### BRIEF
Among the lines below, keep only those from the one containing "From mathcomp Require Import boolp." through the one containing "[0 <= E_e <= 8/7", and reproduce them exactly.

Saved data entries
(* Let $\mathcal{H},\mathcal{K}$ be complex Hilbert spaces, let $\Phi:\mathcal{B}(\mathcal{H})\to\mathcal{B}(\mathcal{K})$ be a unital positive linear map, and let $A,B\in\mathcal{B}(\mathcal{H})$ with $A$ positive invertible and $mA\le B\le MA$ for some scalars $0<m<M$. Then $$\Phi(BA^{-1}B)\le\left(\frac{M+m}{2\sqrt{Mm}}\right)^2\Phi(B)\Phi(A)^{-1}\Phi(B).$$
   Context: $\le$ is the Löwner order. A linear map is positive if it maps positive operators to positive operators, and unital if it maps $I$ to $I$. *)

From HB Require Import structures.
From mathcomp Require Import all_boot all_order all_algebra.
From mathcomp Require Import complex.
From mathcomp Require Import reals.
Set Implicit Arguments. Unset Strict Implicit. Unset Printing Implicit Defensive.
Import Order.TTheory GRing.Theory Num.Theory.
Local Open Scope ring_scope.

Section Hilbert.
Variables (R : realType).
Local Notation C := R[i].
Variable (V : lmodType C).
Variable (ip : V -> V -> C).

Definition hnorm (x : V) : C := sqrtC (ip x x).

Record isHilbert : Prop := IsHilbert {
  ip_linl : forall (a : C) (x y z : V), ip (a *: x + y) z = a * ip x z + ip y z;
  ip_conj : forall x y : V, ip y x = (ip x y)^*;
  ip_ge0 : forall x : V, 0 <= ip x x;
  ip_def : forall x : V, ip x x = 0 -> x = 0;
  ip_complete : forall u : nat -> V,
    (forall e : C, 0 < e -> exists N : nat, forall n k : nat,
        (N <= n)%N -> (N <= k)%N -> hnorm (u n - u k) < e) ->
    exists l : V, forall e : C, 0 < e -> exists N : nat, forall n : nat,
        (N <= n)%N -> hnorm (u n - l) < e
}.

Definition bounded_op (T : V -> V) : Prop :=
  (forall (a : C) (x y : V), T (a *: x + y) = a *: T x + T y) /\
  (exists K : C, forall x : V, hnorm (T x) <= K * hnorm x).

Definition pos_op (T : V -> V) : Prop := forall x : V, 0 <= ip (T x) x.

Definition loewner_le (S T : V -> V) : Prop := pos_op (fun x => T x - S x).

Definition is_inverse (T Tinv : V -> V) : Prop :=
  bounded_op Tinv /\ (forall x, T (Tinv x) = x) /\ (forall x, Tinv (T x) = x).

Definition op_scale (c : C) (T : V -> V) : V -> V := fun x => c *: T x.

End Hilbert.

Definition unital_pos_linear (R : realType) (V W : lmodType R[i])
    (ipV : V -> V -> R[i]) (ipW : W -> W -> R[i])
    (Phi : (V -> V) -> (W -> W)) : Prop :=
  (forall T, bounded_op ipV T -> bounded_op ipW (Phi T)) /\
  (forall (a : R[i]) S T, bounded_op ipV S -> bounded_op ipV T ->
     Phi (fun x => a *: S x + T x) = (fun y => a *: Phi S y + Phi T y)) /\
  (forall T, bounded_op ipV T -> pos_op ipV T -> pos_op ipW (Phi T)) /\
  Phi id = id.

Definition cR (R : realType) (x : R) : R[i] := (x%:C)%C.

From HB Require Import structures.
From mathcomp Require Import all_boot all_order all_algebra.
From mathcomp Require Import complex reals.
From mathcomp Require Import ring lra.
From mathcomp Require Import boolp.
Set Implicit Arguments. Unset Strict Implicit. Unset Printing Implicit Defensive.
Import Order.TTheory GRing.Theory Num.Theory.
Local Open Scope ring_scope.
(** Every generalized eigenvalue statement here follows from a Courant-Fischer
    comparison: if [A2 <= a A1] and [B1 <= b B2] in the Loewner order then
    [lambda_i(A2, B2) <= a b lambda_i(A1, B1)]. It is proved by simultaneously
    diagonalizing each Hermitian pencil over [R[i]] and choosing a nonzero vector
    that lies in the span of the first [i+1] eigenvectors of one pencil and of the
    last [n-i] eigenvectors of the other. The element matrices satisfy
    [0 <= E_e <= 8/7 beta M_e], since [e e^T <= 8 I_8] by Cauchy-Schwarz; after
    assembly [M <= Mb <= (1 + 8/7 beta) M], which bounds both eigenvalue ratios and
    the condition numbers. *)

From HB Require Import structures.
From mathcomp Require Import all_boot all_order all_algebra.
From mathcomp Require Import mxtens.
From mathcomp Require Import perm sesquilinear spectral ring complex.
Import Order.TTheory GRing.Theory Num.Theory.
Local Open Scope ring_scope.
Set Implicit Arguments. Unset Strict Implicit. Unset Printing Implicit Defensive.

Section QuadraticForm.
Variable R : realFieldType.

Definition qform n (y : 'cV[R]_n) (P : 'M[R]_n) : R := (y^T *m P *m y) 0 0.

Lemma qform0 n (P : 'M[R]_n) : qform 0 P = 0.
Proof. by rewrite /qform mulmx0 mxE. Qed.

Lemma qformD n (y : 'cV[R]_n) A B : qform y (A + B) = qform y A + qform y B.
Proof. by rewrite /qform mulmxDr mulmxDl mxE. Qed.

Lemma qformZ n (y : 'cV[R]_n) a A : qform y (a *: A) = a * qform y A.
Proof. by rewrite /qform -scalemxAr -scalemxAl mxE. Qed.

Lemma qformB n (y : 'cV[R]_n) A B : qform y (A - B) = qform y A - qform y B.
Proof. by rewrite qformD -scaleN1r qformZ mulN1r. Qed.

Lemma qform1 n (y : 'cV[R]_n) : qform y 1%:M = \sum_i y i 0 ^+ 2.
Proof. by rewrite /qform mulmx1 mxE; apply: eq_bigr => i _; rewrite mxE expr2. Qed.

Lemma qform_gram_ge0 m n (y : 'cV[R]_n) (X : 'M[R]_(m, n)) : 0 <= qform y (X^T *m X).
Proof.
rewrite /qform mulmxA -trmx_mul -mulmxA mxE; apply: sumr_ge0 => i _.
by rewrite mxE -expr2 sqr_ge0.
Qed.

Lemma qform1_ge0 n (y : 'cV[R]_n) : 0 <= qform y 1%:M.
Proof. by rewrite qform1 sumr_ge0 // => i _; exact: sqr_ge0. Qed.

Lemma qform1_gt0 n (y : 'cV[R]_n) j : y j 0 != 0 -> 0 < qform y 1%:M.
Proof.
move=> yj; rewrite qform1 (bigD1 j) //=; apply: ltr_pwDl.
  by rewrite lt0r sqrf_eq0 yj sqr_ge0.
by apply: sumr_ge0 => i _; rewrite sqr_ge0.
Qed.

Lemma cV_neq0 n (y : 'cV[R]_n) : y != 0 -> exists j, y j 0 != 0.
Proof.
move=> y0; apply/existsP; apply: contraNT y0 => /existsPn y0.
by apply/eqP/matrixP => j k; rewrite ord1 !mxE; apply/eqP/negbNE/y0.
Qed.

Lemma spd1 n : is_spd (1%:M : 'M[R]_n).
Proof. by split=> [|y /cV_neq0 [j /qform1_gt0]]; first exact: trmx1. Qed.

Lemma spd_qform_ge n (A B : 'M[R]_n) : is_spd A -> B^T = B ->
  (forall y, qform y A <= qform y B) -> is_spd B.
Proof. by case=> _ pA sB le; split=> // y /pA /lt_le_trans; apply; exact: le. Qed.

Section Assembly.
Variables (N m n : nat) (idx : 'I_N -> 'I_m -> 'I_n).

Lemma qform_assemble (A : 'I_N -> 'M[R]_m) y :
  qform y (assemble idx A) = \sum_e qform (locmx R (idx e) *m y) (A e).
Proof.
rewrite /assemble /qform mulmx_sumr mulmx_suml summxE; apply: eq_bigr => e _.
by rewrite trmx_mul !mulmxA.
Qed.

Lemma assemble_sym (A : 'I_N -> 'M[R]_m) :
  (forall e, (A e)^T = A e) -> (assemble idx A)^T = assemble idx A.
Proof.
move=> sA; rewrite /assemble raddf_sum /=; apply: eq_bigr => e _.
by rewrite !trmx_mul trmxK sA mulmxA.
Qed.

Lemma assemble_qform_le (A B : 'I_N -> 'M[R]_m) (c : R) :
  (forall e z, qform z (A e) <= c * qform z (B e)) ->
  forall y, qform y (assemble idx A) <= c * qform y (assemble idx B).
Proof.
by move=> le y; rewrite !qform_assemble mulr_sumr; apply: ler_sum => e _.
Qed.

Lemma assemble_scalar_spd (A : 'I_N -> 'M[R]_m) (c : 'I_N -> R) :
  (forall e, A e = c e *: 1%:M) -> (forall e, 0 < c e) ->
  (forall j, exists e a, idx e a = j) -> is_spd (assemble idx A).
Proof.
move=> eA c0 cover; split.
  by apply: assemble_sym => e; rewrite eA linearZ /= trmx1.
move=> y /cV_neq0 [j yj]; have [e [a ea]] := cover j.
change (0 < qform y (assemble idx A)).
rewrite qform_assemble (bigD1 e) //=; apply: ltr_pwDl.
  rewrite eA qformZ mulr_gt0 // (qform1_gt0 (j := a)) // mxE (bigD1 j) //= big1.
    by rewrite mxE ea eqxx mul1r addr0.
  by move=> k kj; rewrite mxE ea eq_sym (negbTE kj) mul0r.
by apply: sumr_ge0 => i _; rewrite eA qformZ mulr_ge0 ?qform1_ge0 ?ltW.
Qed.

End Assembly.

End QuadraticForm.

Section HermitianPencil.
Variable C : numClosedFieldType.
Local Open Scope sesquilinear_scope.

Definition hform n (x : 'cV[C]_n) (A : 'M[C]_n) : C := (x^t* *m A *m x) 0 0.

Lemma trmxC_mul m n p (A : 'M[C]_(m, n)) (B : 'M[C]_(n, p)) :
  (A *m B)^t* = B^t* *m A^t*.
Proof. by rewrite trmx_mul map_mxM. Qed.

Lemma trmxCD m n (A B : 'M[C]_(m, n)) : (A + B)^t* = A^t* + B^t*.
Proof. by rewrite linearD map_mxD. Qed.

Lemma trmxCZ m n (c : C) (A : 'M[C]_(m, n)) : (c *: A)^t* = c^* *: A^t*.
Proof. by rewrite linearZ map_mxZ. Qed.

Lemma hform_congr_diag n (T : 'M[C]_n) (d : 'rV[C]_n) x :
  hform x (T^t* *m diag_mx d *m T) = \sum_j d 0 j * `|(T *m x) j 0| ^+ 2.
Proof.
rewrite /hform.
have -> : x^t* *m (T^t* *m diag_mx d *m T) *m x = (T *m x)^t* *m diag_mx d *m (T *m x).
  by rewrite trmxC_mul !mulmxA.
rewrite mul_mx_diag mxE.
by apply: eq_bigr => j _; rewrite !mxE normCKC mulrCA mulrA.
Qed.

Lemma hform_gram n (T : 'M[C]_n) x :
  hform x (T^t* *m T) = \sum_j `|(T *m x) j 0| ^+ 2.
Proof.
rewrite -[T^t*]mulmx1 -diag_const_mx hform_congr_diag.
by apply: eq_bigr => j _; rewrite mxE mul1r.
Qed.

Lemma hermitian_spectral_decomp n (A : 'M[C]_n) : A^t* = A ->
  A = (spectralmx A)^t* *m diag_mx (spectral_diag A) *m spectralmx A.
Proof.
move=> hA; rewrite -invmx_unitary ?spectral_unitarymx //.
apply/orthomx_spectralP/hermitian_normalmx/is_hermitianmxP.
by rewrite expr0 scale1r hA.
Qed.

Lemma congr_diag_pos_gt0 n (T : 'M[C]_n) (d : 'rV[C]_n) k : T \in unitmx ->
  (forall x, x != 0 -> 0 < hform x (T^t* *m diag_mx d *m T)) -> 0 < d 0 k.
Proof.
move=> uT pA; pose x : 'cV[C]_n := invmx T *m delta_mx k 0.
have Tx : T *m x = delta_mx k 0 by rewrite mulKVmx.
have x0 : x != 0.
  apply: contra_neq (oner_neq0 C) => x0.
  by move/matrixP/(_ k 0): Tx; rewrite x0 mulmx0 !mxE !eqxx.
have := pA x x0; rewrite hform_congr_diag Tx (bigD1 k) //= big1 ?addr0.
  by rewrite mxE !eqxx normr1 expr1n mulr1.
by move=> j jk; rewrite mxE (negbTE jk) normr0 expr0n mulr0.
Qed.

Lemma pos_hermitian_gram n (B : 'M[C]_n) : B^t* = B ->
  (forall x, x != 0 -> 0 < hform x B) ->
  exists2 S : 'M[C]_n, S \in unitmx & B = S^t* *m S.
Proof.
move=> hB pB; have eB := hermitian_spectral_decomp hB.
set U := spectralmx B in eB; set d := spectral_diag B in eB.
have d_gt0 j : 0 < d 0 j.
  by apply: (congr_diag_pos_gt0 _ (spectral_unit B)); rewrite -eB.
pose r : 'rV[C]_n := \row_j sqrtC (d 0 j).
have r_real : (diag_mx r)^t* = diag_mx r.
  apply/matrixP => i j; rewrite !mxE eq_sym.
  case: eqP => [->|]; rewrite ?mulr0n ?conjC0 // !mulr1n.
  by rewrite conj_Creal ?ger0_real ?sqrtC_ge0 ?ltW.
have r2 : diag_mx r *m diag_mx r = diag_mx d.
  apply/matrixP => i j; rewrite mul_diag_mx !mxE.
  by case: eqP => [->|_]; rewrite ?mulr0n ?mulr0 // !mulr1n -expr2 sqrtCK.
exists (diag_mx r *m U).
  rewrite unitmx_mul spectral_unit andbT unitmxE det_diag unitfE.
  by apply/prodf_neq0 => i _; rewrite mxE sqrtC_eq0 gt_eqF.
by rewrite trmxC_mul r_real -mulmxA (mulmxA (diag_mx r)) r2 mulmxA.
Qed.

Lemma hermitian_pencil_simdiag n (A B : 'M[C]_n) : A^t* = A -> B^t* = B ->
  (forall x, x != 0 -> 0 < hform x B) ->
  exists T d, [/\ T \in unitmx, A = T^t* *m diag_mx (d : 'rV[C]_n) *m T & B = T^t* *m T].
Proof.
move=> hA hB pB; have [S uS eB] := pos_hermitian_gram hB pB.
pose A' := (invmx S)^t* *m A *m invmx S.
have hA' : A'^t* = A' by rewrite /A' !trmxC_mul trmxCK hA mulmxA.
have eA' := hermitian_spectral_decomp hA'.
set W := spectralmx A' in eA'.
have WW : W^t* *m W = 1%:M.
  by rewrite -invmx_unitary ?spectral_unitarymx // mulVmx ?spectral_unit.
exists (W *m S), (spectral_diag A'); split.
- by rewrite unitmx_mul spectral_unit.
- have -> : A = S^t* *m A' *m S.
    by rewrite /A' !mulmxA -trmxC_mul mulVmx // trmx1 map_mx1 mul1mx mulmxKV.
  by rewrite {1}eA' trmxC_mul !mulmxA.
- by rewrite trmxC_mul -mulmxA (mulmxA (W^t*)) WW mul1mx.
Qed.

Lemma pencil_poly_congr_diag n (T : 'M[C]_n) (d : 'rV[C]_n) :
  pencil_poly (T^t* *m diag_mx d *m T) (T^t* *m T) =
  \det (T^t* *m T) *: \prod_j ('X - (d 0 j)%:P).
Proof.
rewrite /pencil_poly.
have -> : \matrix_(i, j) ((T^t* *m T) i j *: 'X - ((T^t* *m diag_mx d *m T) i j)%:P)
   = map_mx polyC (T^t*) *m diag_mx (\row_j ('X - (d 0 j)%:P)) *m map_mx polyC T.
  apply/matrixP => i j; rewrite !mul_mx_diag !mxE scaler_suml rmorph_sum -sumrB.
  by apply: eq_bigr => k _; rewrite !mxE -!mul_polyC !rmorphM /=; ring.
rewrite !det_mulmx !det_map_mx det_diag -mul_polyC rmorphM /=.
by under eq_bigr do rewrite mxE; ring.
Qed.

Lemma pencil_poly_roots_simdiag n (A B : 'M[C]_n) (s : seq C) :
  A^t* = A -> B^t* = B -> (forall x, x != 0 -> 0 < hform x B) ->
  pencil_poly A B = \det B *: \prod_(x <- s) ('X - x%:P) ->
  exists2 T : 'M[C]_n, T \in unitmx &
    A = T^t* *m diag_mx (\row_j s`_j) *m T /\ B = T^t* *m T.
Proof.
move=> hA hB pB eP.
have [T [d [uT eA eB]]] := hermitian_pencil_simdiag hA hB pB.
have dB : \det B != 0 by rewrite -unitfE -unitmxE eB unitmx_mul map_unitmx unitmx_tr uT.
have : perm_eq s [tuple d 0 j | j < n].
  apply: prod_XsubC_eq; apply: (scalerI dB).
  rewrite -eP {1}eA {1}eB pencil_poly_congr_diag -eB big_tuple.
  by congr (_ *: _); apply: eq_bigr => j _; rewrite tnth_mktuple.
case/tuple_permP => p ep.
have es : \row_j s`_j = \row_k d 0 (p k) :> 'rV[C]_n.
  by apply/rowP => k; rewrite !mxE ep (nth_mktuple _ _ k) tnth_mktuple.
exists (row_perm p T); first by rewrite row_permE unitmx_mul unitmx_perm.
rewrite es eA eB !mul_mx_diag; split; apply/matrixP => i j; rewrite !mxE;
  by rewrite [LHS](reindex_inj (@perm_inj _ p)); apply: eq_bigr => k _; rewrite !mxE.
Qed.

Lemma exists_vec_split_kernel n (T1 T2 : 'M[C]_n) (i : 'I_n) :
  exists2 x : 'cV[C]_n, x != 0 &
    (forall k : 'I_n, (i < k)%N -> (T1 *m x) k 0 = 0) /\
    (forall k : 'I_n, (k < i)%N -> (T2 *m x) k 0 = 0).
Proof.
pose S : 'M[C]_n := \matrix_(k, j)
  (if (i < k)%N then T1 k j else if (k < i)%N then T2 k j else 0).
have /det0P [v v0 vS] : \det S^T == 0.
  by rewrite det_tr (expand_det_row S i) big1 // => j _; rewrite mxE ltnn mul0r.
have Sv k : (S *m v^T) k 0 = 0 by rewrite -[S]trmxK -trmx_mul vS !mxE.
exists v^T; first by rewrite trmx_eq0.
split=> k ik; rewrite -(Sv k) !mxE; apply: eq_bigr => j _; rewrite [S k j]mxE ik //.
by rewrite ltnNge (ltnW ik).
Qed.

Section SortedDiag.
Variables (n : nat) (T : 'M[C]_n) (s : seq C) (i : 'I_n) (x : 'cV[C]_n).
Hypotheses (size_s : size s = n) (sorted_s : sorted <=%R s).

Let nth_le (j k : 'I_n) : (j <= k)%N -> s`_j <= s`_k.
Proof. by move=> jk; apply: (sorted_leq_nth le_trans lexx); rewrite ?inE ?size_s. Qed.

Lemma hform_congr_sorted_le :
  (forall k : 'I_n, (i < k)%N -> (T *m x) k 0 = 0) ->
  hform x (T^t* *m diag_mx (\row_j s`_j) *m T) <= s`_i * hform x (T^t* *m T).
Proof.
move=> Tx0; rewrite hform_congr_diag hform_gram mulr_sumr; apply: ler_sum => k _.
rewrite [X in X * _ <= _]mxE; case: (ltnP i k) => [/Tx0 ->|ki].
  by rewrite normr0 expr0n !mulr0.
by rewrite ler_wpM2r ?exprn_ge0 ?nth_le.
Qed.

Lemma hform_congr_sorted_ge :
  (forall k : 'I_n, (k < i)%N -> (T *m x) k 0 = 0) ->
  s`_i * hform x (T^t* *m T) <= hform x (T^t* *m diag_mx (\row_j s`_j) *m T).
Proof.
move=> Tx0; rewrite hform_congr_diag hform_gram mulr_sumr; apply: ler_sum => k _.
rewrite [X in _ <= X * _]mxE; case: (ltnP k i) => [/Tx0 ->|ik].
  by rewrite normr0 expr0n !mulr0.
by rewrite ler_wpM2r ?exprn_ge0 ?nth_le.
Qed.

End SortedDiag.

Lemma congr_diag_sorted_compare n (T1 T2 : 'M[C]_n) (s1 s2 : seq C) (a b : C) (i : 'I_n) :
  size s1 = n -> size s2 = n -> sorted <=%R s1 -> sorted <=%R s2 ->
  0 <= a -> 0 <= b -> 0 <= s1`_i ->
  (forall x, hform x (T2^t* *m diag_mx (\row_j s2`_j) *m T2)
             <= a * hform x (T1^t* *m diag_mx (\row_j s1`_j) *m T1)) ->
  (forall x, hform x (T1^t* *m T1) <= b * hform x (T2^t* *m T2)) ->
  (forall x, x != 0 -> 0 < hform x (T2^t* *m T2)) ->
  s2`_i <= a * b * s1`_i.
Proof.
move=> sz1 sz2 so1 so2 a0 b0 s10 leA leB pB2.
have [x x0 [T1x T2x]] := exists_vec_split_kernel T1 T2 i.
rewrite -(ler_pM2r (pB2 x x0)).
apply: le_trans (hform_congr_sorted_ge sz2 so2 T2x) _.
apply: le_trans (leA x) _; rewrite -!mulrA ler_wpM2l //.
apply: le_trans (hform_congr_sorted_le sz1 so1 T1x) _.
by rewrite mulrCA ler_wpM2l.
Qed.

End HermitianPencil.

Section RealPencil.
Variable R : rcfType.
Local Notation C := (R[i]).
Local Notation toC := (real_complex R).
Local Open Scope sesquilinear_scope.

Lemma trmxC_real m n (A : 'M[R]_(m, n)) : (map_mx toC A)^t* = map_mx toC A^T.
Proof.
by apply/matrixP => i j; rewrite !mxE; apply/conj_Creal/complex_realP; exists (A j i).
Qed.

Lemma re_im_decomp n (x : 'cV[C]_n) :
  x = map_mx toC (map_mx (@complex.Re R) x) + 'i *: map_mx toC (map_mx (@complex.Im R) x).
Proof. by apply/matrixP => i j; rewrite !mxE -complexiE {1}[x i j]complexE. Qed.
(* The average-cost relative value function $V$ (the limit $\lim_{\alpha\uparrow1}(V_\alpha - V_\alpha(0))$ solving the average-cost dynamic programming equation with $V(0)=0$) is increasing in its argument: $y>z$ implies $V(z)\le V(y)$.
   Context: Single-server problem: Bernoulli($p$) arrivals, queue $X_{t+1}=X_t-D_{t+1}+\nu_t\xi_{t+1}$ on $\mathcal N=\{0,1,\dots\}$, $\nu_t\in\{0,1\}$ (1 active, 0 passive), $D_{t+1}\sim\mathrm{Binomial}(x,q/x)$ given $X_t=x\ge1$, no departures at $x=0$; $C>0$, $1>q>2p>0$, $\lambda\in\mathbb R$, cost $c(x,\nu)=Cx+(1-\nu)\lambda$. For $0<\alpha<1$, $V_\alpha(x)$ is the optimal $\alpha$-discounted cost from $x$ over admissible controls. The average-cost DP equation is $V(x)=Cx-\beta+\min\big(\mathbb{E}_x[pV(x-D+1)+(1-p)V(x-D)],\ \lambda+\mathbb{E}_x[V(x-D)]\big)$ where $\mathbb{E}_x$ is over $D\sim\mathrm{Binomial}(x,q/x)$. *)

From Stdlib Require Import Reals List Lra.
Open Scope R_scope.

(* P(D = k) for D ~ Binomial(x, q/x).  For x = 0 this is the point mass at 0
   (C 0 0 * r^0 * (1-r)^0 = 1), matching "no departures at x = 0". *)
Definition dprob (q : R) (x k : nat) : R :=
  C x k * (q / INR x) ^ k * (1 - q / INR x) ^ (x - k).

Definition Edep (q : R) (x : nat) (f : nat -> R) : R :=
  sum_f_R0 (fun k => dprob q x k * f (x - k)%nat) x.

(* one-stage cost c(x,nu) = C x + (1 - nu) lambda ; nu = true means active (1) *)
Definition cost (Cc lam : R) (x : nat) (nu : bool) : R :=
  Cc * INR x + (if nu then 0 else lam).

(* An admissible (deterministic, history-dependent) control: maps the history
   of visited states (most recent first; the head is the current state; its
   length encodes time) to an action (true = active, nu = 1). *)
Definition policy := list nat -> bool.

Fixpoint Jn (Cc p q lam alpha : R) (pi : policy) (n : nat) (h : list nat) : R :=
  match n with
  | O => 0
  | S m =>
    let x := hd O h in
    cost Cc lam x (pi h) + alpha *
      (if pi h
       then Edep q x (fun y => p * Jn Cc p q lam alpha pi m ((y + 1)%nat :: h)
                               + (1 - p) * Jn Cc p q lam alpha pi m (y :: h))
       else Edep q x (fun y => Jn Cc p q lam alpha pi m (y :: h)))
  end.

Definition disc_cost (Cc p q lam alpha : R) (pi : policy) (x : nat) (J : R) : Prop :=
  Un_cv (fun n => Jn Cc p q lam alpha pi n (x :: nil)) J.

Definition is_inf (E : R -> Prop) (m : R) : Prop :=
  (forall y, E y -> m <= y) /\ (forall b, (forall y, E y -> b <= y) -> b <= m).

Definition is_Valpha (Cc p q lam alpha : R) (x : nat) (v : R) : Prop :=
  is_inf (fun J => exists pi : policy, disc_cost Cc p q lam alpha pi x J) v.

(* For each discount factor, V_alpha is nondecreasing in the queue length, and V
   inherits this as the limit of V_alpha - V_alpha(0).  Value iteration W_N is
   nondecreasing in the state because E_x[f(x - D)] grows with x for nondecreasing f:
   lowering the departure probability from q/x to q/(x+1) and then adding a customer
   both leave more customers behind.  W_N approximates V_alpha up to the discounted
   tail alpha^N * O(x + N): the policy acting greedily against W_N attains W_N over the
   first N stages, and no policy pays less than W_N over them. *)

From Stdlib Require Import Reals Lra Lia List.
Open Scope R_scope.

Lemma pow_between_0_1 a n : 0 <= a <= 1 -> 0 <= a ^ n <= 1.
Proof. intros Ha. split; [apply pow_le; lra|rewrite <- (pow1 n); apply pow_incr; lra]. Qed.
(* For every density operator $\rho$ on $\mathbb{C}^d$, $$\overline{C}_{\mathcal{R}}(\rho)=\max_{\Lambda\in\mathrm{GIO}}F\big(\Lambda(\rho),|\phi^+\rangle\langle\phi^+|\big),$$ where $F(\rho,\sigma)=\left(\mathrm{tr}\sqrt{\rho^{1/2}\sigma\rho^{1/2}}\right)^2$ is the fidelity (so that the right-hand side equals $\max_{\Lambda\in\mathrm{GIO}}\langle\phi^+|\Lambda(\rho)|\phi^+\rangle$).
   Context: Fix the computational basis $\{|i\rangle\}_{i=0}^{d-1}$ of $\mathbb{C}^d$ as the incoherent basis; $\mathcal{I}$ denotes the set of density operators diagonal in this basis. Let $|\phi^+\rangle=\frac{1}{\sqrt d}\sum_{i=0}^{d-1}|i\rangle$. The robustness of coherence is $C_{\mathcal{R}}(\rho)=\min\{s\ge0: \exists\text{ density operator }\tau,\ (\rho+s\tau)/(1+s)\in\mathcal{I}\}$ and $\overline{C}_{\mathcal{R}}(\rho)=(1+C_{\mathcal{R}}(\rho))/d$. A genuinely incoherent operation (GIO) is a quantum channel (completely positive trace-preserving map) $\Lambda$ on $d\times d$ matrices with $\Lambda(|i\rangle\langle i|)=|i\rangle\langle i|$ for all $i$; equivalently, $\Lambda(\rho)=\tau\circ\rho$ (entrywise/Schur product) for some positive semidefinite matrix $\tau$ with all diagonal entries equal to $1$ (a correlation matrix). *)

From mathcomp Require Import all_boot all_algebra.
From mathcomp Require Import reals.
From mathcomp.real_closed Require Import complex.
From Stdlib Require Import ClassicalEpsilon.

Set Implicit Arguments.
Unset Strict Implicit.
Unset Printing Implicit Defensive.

### SOLUTION TO THIS EXERCISE
From mathcomp Require Import boolp.
Set Implicit Arguments. Unset Strict Implicit. Unset Printing Implicit Defensive.
Import Order.TTheory GRing.Theory Num.Theory.
Local Open Scope ring_scope.
(** Every generalized eigenvalue statement here follows from a Courant-Fischer
    comparison: if [A2 <= a A1] and [B1 <= b B2] in the Loewner order then
    [lambda_i(A2, B2) <= a b lambda_i(A1, B1)]. It is proved by simultaneously
    diagonalizing each Hermitian pencil over [R[i]] and choosing a nonzero vector
    that lies in the span of the first [i+1] eigenvectors of one pencil and of the
    last [n-i] eigenvectors of the other. The element matrices satisfy
    [0 <= E_e <= 8/7 beta M_e], since [e e^T <= 8 I_8] by Cauchy-Schwarz; after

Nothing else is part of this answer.